Balsamic vinegar is a slightly sweet, dark, richly flavored vinegar used to enhance salad dressings, marinades, and sauces. It can be reduced to a glaze and drizzled over strawberries, stirred into a risotto, or tossed with Brussels sprouts or red onions to let its sugars caramelize in the oven.

But what is balsamic vinegar, really? How is it made? What’s the difference between white balsamic and regular balsamic vinegar? What makes some balsamic vinegar so expensive?

Earlier this year I spent a week in Italy on an intensive educational trip to learn about balsamic vinegar. I visited several commercial operations as a guest of the Consortium of Balsamic Vinegar of Modena, as well as smaller traditional balsamic producers, and even an above-the-garage attic where a family has been making balsamic for their personal use for 60 years.

In this article I’ll cover where the tradition of balsamic vinegar comes from, and explain the different types of balsamic vinegar, the current modern practices of producing balsamic vinegar for broad consumption, and how to choose which balsamic vinegar to buy.

What is Balsamic Vinegar?

Balsamic vinegar comes from an Italian vinegar making process dating back to the middle ages.

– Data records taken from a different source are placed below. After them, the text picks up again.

(* Let $L\subseteq \mathbb{K}^{2n}\oplus\mathbb{K}^{2m}$ be a nonempty affine Lagrangian relation $L:n\to m$. Then there exist $k\in\mathbb{N}$ with $k\le \min(n,m)$, an affine symplectomorphism $S$ of $(\mathbb{K}^{2n},\omega_n)$ and an affine symplectomorphism $T$ of $(\mathbb{K}^{2m},\omega_m)$ such that \[ L=\Gamma_T\circ\big(\mathrm{id}_{k}\oplus P_{m-k}\big)\circ\big(\mathrm{id}_{k}\oplus P_{n-k}^{\dagger}\big)\circ\Gamma_S, \] i.e. \[ L=\Big\{\big(v,\;T(u\oplus p)\big)\;\Big|\; v\in\mathbb{K}^{2n},\ u\in\mathbb{K}^{2k},\ p\in P_{m-k},\ \exists q\in P_{n-k}:\ S v=u\oplus q\Big\}. \] Moreover, if $L$ is a (nonempty) linear Lagrangian relation, $S$ and $T$ can be chosen to be linear symplectomorphisms.
   Context: $\mathbb{K}$ is an arbitrary field. For $n\in\mathbb{N}$, $\mathbb{K}^{2n}=\bigoplus_{j=0}^{n-1}\mathbb{K}^2$ with coordinates $(z_j,x_j)$ carries the symplectic form $\omega_n\big(\bigoplus_j (z_j,x_j),\bigoplus_j(z'_j,x'_j)\big)=\sum_j (z_jx'_j-x_jz'_j)$. A relation $n\to m$ is a subset of $\mathbb{K}^{2n}\oplus\mathbb{K}^{2m}$, which is given the symplectic form $((v,w),(v',w'))\mapsto \omega_n(v,v')-\omega_m(w,w')$. For a linear subspace $S$ of a symplectic space $(V,\omega)$, $S^\omega=\{v: \omega(v,s)=0\ \forall s\in S\}$; $S$ is Lagrangian if $S=S^\omega$. An affine subspace (possibly empty) is Lagrangian if it is empty or its underlying linear subspace (direction) is Lagrangian; an affine (resp. linear) Lagrangian relation $n\to m$ is an affine (resp. linear) Lagrangian subspace of $\mathbb{K}^{2n}\oplus\mathbb{K}^{2m}$. Relations compose by relational composition $S\circ R=\{(a,c):\exists b,\ (a,b)\in R,(b,c)\in S\}$; $\oplus$ of relations is the direct sum (cartesian product, with coordinates concatenated), and $\mathrm{id}_k$ is the diagonal of $\mathbb{K}^{2k}$. An affine symplectomorphism is an affine bijection whose linear part preserves the symplectic form; $\Gamma_S=\{(v,Sv)\}$ denotes its graph. $P_r=\{\bigoplus_{j=0}^{r-1}(0,x_j): x_j\in\mathbb{K}\}\subseteq\mathbb{K}^{2r}$, viewed as a relation $0\to r$; for a relation $R:n\to m$, its dagger $R^\dagger:m\to n$ is $\{(\bigoplus_j(z_j,-x_j),\bigoplus_k(z'_k,-x'_k)) : (\bigoplus_k(z'_k,x'_k),\bigoplus_j(z_j,x_j))\in R\}$, so $P_r^\dagger:r\to 0$. *)

From HB Require Import structures.
From mathcomp Require Import all_boot all_order all_algebra.
Set Implicit Arguments. Unset Strict Implicit. Unset Printing Implicit Defensive.
Import GRing.Theory.
Local Open Scope ring_scope.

There are two main types.

Traditional balsamic vinegar is made only with one ingredient — “grape must” (in Italian, “mosto”), the sweet juice of freshly pressed grapes — that is boiled to a concentrate, fermented and acidified, and aged for 12 to 25 years or longer in wood barrels.

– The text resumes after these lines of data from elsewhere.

Definition pair_edges (q : E * E) : {set E} := [set q.1; q.2].

Lemma card_heavy_pairs : #|heavy_pairs| <= N * meet 3.
Proof.
rewrite -card_rsets_pred; apply: (pair_count (P := fun x => x \in rsets)
  (R := fun e f => [&& f \in rsets, e != f & 3 <= #|e :&: f|])) => e er.
by apply: (card_meet_at_least er) => f /and3P [/[!inE] -> _ ->].
Qed.

Lemma heavy_pairs_config : {in heavy_pairs, forall q, is_config 2 (pair_edges q)}.
Proof.
move=> q /[!inE] /and4P [q1 q2 ne _].
by rewrite /is_config cards2 ne !subUset !sub1set !inE q1 q2.
Qed.

Definition linked_paths : {set (E * E) * E} :=
  [set p | [&& p.1 \in linked_pairs, p.2 \in rsets, p.2 != p.1.1, p.2 != p.1.2
                & #|p.1.2 :&: p.2| == 2]].

Definition path_edges (p : (E * E) * E) : {set E} := [set p.1.1; p.1.2; p.2].

Lemma card_linked_paths : #|linked_paths| <= N * meet 2 * meet 2.
Proof.
apply: (@leq_trans (#|[set x | x \in linked_pairs]| * meet 2)).
  apply: (pair_count (P := fun x => x \in linked_pairs) (R := fun q g =>
    [&& g \in rsets, g != q.1, g != q.2 & #|q.2 :&: g| == 2])) => q.
  rewrite inE => /and4P [_ q2 _ _].
  by apply: (card_meet_at_least q2) => f /and4P [/[!inE] -> _ _ /eqP ->].
rewrite leq_mul2r; apply/orP; right; apply: leq_trans card_linked_pairs.
by apply: eq_leq; apply: eq_card => x; rewrite inE.
Qed.

Lemma linked_paths_config : {in linked_paths, forall p, is_config 3 (path_edges p)}.
Proof.
move=> p /[!inE] /andP [/and4P [q1 q2 ne _] /and4P [g ge gf _]].
by rewrite /is_config !subUset !sub1set !inE q1 q2 g card_set3 // eq_sym.
Qed.

Definition touching_pairs : {set (E * E) * (E * E)} :=
  [set p | [&& p.1 \in linked_pairs, p.2 \in linked_pairs, p.2.1 != p.1.1,
                p.2.1 != p.1.2, p.2.2 != p.1.1, p.2.2 != p.1.2
                & ~~ [disjoint p.1.1 & p.2.1]]].

Definition quad_edges (p : (E * E) * (E * E)) : {set E} :=
  [set p.1.1; p.1.2; p.2.1; p.2.2].

(* The second pair starts at an r-set meeting the first edge, then continues
   along a linked pair. *)
Lemma card_touching_pairs : #|touching_pairs| <= N * meet 2 * (meet 1 * meet 2).
Proof.
apply: (@leq_trans (#|[set x | x \in linked_pairs]| * (meet 1 * meet 2))); last first.
  rewrite leq_mul2r; apply/orP; right; apply: leq_trans card_linked_pairs.
  by apply: eq_leq; apply: eq_card => x; rewrite inE.
apply: (pair_count (P := fun x => x \in linked_pairs) (R := fun q q' =>
  [&& q' \in linked_pairs, q'.1 != q.1, q'.1 != q.2, q'.2 != q.1,
      q'.2 != q.2 & ~~ [disjoint q.1 & q'.1]])) => q.
rewrite inE => /and4P [q1 _ _ _].
set meeting := [set f : E | (#|f| == r) && (1 <= #|q.1 :&: f|)].
apply: (@leq_trans #|[set q' : E * E | (q'.1 \in meeting) &&
     [&& q'.2 \in rsets, q'.1 != q'.2 & #|q'.1 :&: q'.2| == 2]]|).
  apply: subset_leq_card; apply/subsetP => q'; rewrite !inE.
  case/and3P => /and4P [/eqP -> -> -> ->] _ /and4P [_ _ _ touch].
  by rewrite eqxx /= card_gt0 setI_eq0 touch.
apply: (@leq_trans (#|[set x | x \in meeting]| * meet 2)).
  apply: (pair_count (P := fun x => x \in meeting)
    (R := fun f g => [&& g \in rsets, f != g & #|f :&: g| == 2])) => f.
  rewrite inE => /andP [cf _].
  have fr : f \in rsets by rewrite inE cf.
  by apply: (card_meet_at_least fr) => g /and3P [/[!inE] -> _ /eqP ->].
rewrite leq_mul2r; apply/orP; right.
by apply: (card_meet_at_least q1) => f; rewrite inE.
Qed.

Lemma touching_pairs_config : {in touching_pairs, forall p, is_config 4 (quad_edges p)}.
Proof.
move=> p /[!inE] /andP [/and4P [a b c _] /and5P [/and4P [a' b' c' _] d e f /andP [g _]]].
by rewrite /is_config !subUset !sub1set !inE a b a' b' card_set4 // eq_sym.
Qed.

Definition linked_twosets : {set {set E}} := [set pair_edges q | q in linked_pairs].

Lemma linked_twosets_config C : C \in linked_twosets -> is_config 2 C.
Proof.
case/imsetP => q /[!inE] /and4P [a b c _] ->.
by rewrite /is_config cards2 c !subUset !sub1set !inE a b.
Qed.

Definition cluster_families : {set {set {set E}}} :=
  [set Cl : {set {set E}} | [&& Cl \subset linked_twosets, #|Cl| == k.+1 & trivIset Cl]].

Lemma card_cluster_families : #|cluster_families| <= 'C(N * meet 2, k.+1).
Proof.
apply: (@leq_trans #|[set Cl : {set {set E}} | Cl \subset linked_twosets & #|Cl| == k.+1]|).
  by apply: subset_leq_card; apply/subsetP => Cl /[!inE] /and3P [-> -> _].
rewrite cards_draws; apply: leq_bin2l; apply: leq_trans card_linked_pairs.
exact: leq_imset_card.
Qed.

Lemma cluster_families_config :
  {in cluster_families, forall Cl, is_config (k.+1 * 2) (cover Cl)}.
Proof.
move=> Cl /[!inE] /and3P [sub /eqP cCl triv].
have conf C : C \in Cl -> is_config 2 C by move/(subsetP sub)/linked_twosets_config.
apply/andP; split.
  apply/subsetP => x /bigcupP [C /conf /andP [/subsetP Cr _]]; exact: Cr.
rewrite -(eqP triv) -cCl -sum_nat_const; apply/eqP/eq_bigr => C /conf.
by case/andP => _ /eqP.
Qed.

Definition edges_through (v : 'I_n) : {set E} := [set f : E | (#|f| == r) && ([set v] \subset f)].

Definition stars : {set 'I_n * {set E}} :=
  [set p : 'I_n * {set E} | (p.2 \subset edges_through p.1) && (#|p.2| == k.+1)].

Definition star_edges (p : 'I_n * {set E}) : {set E} := p.2.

A highly crafted product, traditional balsamic vinegar is produced in small batches. It is sweet, tart, dark, syrupy, and expensive. You will only find this seriously pricy vinegar in a specialty store or online.

Modern commercial balsamic vinegars (what you will likely find at your local grocery store) combine concentrated grape must with wine vinegar to speed up the acidification process. This vinegar is typically aged from 2 months to 3 years in large oak barrels.

Mixing grape must with wine vinegar allows producers to make a high volume of balsamic vinegar much more efficiently than using the traditional method. Depending on the mix of sweet grape must and tart wine vinegar, balsamic vinegar can vary in its sweetness. It can range in consistency from thin to syrupy.

Balsamic vinegar on grocery shelf

When you shop for balsamic vinegar, whether in grocery stores or online, you will find a variety of products:

  • Balsamic Vinegar of Modena PGI — Balsamic vinegar imported from the Modena region of Italy, to be used for everyday consumption. If it has the IGP or PGI label (Protected Geographic Indication), it conforms to European Union (EU) production regulations. Prices range from $4 to $20 a bottle.
  • Balsamic Vinegar (no mention of Modena on the label) — Balsamic vinegar for everyday use that may or may not come from Italy. If it doesn’t have the PGI label, it may still come from Italy and it may be labeled “Balsamic Condiment”. It may be good quality or it be imitation balsamic, which is just vinegar (no grape must) with added thickeners and sweeteners.
  • White Balsamic — Similar to regular balsamic vinegar but with a light golden color
  • Balsamic Glaze — Syrupy version of regular balsamic vinegar that has added sweeteners and/or thickeners
  • Traditional balsamic vinegar — Small batch, highly crafted balsamic vinegar that can cost anywhere from $50 to $200 and more for a small bottle, available online and at specialty stores. If it has the DOP or PDO label (Protected Designation of Origin), it is from either Modena or Reggio Emilia and conforms to strict EU production regulations.
  • Condimento Balsamico — Made in the style of traditional balsamic vinegar, but doesn’t officially conform to EU standards. Some traditional balsamic producers offer “Condimento Balsamico” products that are grape must balsamic vinegars that are aged fewer than the 12 years required for official certification.
Grape vines in landscape of Modena Italy

The landscape of Emilio Romana region of Italy

Traditional Balsamic Vinegar

All balsamic vinegar is derived from a thousand year old process developed around the area of Modena and Reggio Emilia in Italy, which is why we will start our deep dive into balsamic here.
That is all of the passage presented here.